FIG. 2 illustrates a simplified example of a predicate calculation module 150 adapted in accordance with some example embodiments of the present invention. For the illustrated example the predicate calculation module 150 forms an integral part of an execution module 120, and is arranged to receive as inputs at least one result vector 220 for a predicate function and at least one conditional parameter value(s) 230 therefor, and to output a predicate value 240 from the result vector 220 based at least partly on the received at least one conditional parameter value 230. For the specific example illustrated in FIG. 2, the predicate calculation module 150 is in a form of multiplexing circuitry illustrated generally at 210. The multiplexing circuitry 210 comprises a first set of inputs, illustrated generally at 212, arranged to receive the at least one result vector 220, and a second set of inputs, illustrated generally at 214, arranged to receive the at least one conditional parameter value(s) 230. The multiplexing circuitry 210 further comprises an output, illustrated generally at 216, arranged to output the predicate value 240 from the at least one result vector 220 in accordance with the one or more conditional parameter values 230.

Predicates are used to control conditional execution of instructions, and as such their respective conditions are required to be calculated in order for the predicate values to be set. Complex conditions require calculating complex Boolean functions. An example of such a Boolean function may comprise:

(p0 ∥ !((p1 ̂ p2)&& p3))→p4 [1]

where p0, p1, p2 and p3 represent predicate registers containing conditional parameter values within the function, and p4 represents a predicate register into which the result of the function is to be loaded.

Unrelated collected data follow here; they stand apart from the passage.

Definition Reps (mu lam e eps x y z : R) : R :=
  let v := nu mu lam e x y z in
  let s := sq mu lam e x y z in
  lam / eps ^ 2 *
  ( ln (Cmod v) + 2 * ln (Cmod (Cadd (Cof 1) s))
    - mu * norm3 x y z / lam ^ 2
    + / 2 * Cre (Cmul v (Csub (Cof 1) s)) ).

From Stdlib Require Import Reals Lra Psatz.
Open Scope R_scope.

(* For fixed (x, y) the point nu(x, y, z) depends on z only
   through r = |x|: nu = c (r - x0) + i q with c = mu/lam^2, x0 = x/e and q
   the constant imaginary part.  Hence R_eps = (lam/eps^2) G(|x|) for a
   one-variable "profile" G, and dR_eps/dz = (lam/eps^2) G'(r) z/r.
   Writing s = sqrt(1 - 4/nu), so that nu = 4/(1 - s^2), the holomorphic
   function log nu + 2 log(1 + s) - c r + nu (1 - s)/2 has r-derivative
   -c (1 + s)/2, hence G'(r) = -c (1 + Re s)/2 < 0 since Re s >= 0.
   So the z-derivative vanishes exactly when z = 0. *)
(* Stdlib's rules for [derivable_pt_lim] are stated for the pointwise
   operations [(f + g)%F] etc.; these restatements on lambda terms, whose
   derivative is an existential variable, let [derive] below compute
   derivatives of explicit expressions by repeated [eapply]. *)
Lemma d_ext f g x l : (forall t, f t = g t) -> derivable_pt_lim g x l -> derivable_pt_lim f x l.
Proof. intros H D eps He. destruct (D eps He) as [d Hd]. exists d. intros h h0 hd.
rewrite !H. apply Hd; auto. Qed.

Lemma d_local f g x l d : 0 < d -> (forall t, Rabs (t - x) < d -> f t = g t) ->
  derivable_pt_lim g x l -> derivable_pt_lim f x l.
Proof. intros Hd0 H D eps He. destruct (D eps He) as [d' Hd].
assert (Hm : 0 < Rmin d d') by (apply Rmin_pos; [lra| apply cond_pos]).
exists (mkposreal _ Hm). intros h h0 hd. simpl in hd.
rewrite (H x), (H (x+h)). apply Hd; auto. apply Rlt_le_trans with (1:=hd); apply Rmin_r.
replace (x+h-x) with h by ring. apply Rlt_le_trans with (1:=hd); apply Rmin_l.
replace (x-x) with 0 by ring. rewrite Rabs_R0; lra. Qed.

Lemma d_eq f x l l' : derivable_pt_lim f x l -> l = l' -> derivable_pt_lim f x l'.
Proof. intros; subst; auto. Qed.
Lemma d_const k x : derivable_pt_lim (fun _ => k) x 0.
Proof. apply (derivable_pt_lim_const k x). Qed.
Lemma d_id x : derivable_pt_lim (fun t => t) x 1.
Proof. apply derivable_pt_lim_id. Qed.
Lemma d_plus f g x a b : derivable_pt_lim f x a -> derivable_pt_lim g x b ->
  derivable_pt_lim (fun t => f t + g t) x (a + b).
Proof. intros. apply (derivable_pt_lim_plus f g); auto. Qed.
Lemma d_minus f g x a b : derivable_pt_lim f x a -> derivable_pt_lim g x b ->
  derivable_pt_lim (fun t => f t - g t) x (a - b).
Proof. intros. apply (derivable_pt_lim_minus f g); auto. Qed.
Lemma d_mult f g x a b : derivable_pt_lim f x a -> derivable_pt_lim g x b ->
  derivable_pt_lim (fun t => f t * g t) x (a * g x + f x * b).
Proof. intros. apply (derivable_pt_lim_mult f g); auto. Qed.
Lemma d_opp f x a : derivable_pt_lim f x a -> derivable_pt_lim (fun t => - f t) x (- a).
Proof. intros. apply (derivable_pt_lim_opp f); auto. Qed.
Lemma d_div f g x a b : derivable_pt_lim f x a -> derivable_pt_lim g x b -> g x <> 0 ->
  derivable_pt_lim (fun t => f t / g t) x ((a * g x - b * f x) / (g x)^2).
Proof. intros. replace ((g x)^2) with (Rsqr (g x)) by (unfold Rsqr; ring).
apply (derivable_pt_lim_div f g); auto. Qed.
Lemma d_pow2 f x a : derivable_pt_lim f x a -> derivable_pt_lim (fun t => f t ^ 2) x (2 * f x * a).
Proof. intros. apply d_ext with (fun t => f t * f t). intros; ring.
replace (2 * f x * a) with (a * f x + f x * a) by ring. apply d_mult; auto. Qed.
Lemma d_sqrt f x a : derivable_pt_lim f x a -> 0 < f x ->
  derivable_pt_lim (fun t => sqrt (f t)) x (/ (2 * sqrt (f x)) * a).
Proof. intros. apply (derivable_pt_lim_comp f sqrt); auto. apply derivable_pt_lim_sqrt; auto. Qed.
Lemma d_ln f x a : derivable_pt_lim f x a -> 0 < f x ->
  derivable_pt_lim (fun t => ln (f t)) x (/ f x * a).
Proof. intros. apply (derivable_pt_lim_comp f ln); auto. apply derivable_pt_lim_ln; auto. Qed.
Lemma d_comp f g x a b : derivable_pt_lim f x a -> derivable_pt_lim g (f x) b ->
  derivable_pt_lim (fun t => g (f t)) x (b * a).
Proof. intros. apply (derivable_pt_lim_comp f g); auto. Qed.


Ltac dstep := match goal with |- derivable_pt_lim _ _ _ =>
  first [ eassumption | apply d_const | apply d_id | eapply d_plus | eapply d_minus
        | eapply d_pow2 | eapply d_div | eapply d_mult | eapply d_opp
        | eapply d_sqrt | eapply d_ln ] end.
(* [derive] proves [derivable_pt_lim f x l] up to the identity between the
   computed derivative and [l], which is left as the last goal. *)
Ltac derive := eapply d_eq; [repeat dstep | ]; cbv beta.

Lemma pow2_pos (x : R) : x <> 0 -> 0 < x ^ 2.
Proof. intro hx. replace (x ^ 2) with (Rsqr x) by (unfold Rsqr; ring). now apply Rsqr_pos_lt. Qed.

Lemma Cmod_bounds (w : R * R) :
  0 <= Cmod w /\ Cmod w ^ 2 = fst w ^ 2 + snd w ^ 2 /\ 0 <= Cmod w + fst w /\ 0 <= Cmod w - fst w.
Proof.
unfold Cmod. set (S := sqrt _).
assert (hS : 0 <= S) by apply sqrt_pos.
assert (hS2 : S ^ 2 = fst w ^ 2 + snd w ^ 2) by (apply pow2_sqrt; nra).
repeat split; auto; nra.
Qed.

(* Off the real axis these bounds are strict, which keeps the square roots
   defining [Csqrt] away from 0. *)
Lemma Cmod_strict (w : R * R) : snd w <> 0 -> 0 < Cmod w + fst w /\ 0 < Cmod w - fst w.
Proof.
intro hv. destruct (Cmod_bounds w) as (h0 & h1 & _ & _).
assert (0 < snd w ^ 2) by (apply pow2_pos; auto). split; nra.
Qed.

Lemma Csqrt_square (w : R * R) :
  fst (Csqrt w) ^ 2 - snd (Csqrt w) ^ 2 = fst w /\ 2 * fst (Csqrt w) * snd (Csqrt w) = snd w.
Proof.
destruct (Cmod_bounds w) as (h0 & h1 & h2 & h3).
unfold Csqrt; cbn [fst snd]. set (S := Cmod w) in *. set (U := fst w) in *. set (V := snd w) in *.
assert (hA : sqrt ((S + U) / 2) ^ 2 = (S + U) / 2) by (apply pow2_sqrt; lra).
assert (hB : sqrt ((S - U) / 2) ^ 2 = (S - U) / 2) by (apply pow2_sqrt; lra).
assert (pA := sqrt_pos ((S + U) / 2)). assert (pB := sqrt_pos ((S - U) / 2)).
set (a := sqrt ((S + U) / 2)) in *. set (b := sqrt ((S - U) / 2)) in *.
assert (hab : (2 * a * b) ^ 2 = V ^ 2).
{ replace ((2 * a * b) ^ 2) with (4 * a ^ 2 * b ^ 2) by ring. rewrite hA, hB. nra. }
assert (0 <= a * b) by nra.
destruct (Rlt_dec V 0); split; nra.
Qed.

(* The derivative of [ln (sqrt m)] written without square roots. *)
Lemma inv_sqrt_half (m X : R) : 0 < m -> / sqrt m * (/ (2 * sqrt m) * X) = X / (2 * m).
Proof.
intro hm. pose proof (sqrt_lt_R0 _ hm). rewrite <- (sqrt_sqrt m) at 3 by lra.
field. lra.
Qed.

Conventionally, such calculations are performed over several cycles. For example, performing such calculations may comprise moving the conditional parameter values from predicate registers to general purpose registers and using one or more execution modules to perform the calculations over several execution cycles, before moving the results back to the predicate registers. Alternatively, the execution modules may comprise a predetermined set of Boolean operations that may be performed directly on the contents of the predicate registers. In either case, the above function is required to be calculated as follows:

XOR p1, p2, p2

AND p2, p3, p2

NOT p2, p2

OR p2, p0, p4

Thus, for such conventional implementations, four execution cycles are required to calculate a result for the above function.

Conversely, for the illustrated example of the present invention, by encoding the possible results for such a function within the at least one result vector 220, and outputting the appropriate predicate value 240 from the at least one result vector 220 in accordance with the one or more conditional parameter values 230, a predicate value may be advantageously calculated in a single execution cycle.

For example, and as illustrated in FIG. 3, a Boolean function, such as the Boolean function illustrated at 310, may be expressed in terms of its truth table, as illustrated generally at 320. The truth table 320 may comprise a column for each of the conditional parameter values 230 of the Boolean function 310, and a column for the result value 240 of the function. Each row of the truth table 320 may comprise one possible permutation of the at least one conditional parameter value(s) 230, and the appropriate result value 240 for that permutation of the at least one conditional parameter value(s) 230, with the truth table 320 comprising all possible permutations of the conditional parameter values for the Boolean function 310. In this manner, the result column of the truth table comprises a result value 240 for every permutation of conditional parameter values 230, which may be used to provide a result vector for the Boolean function 310, such as illustrated at 220 as a hexadecimal value in FIG. 3.

Thus, by providing such a result vector 220 to the predicate calculation module 150 along with a current permutation of the at least one conditional parameter value(s) 230, the at least one conditional parameter value(s) 230 may be used as selectors within the predicate calculation module 150, for selecting the appropriate predicate result value 240 from the at least one result vector 220 for that permutation of the at least one conditional parameter value(s) 230.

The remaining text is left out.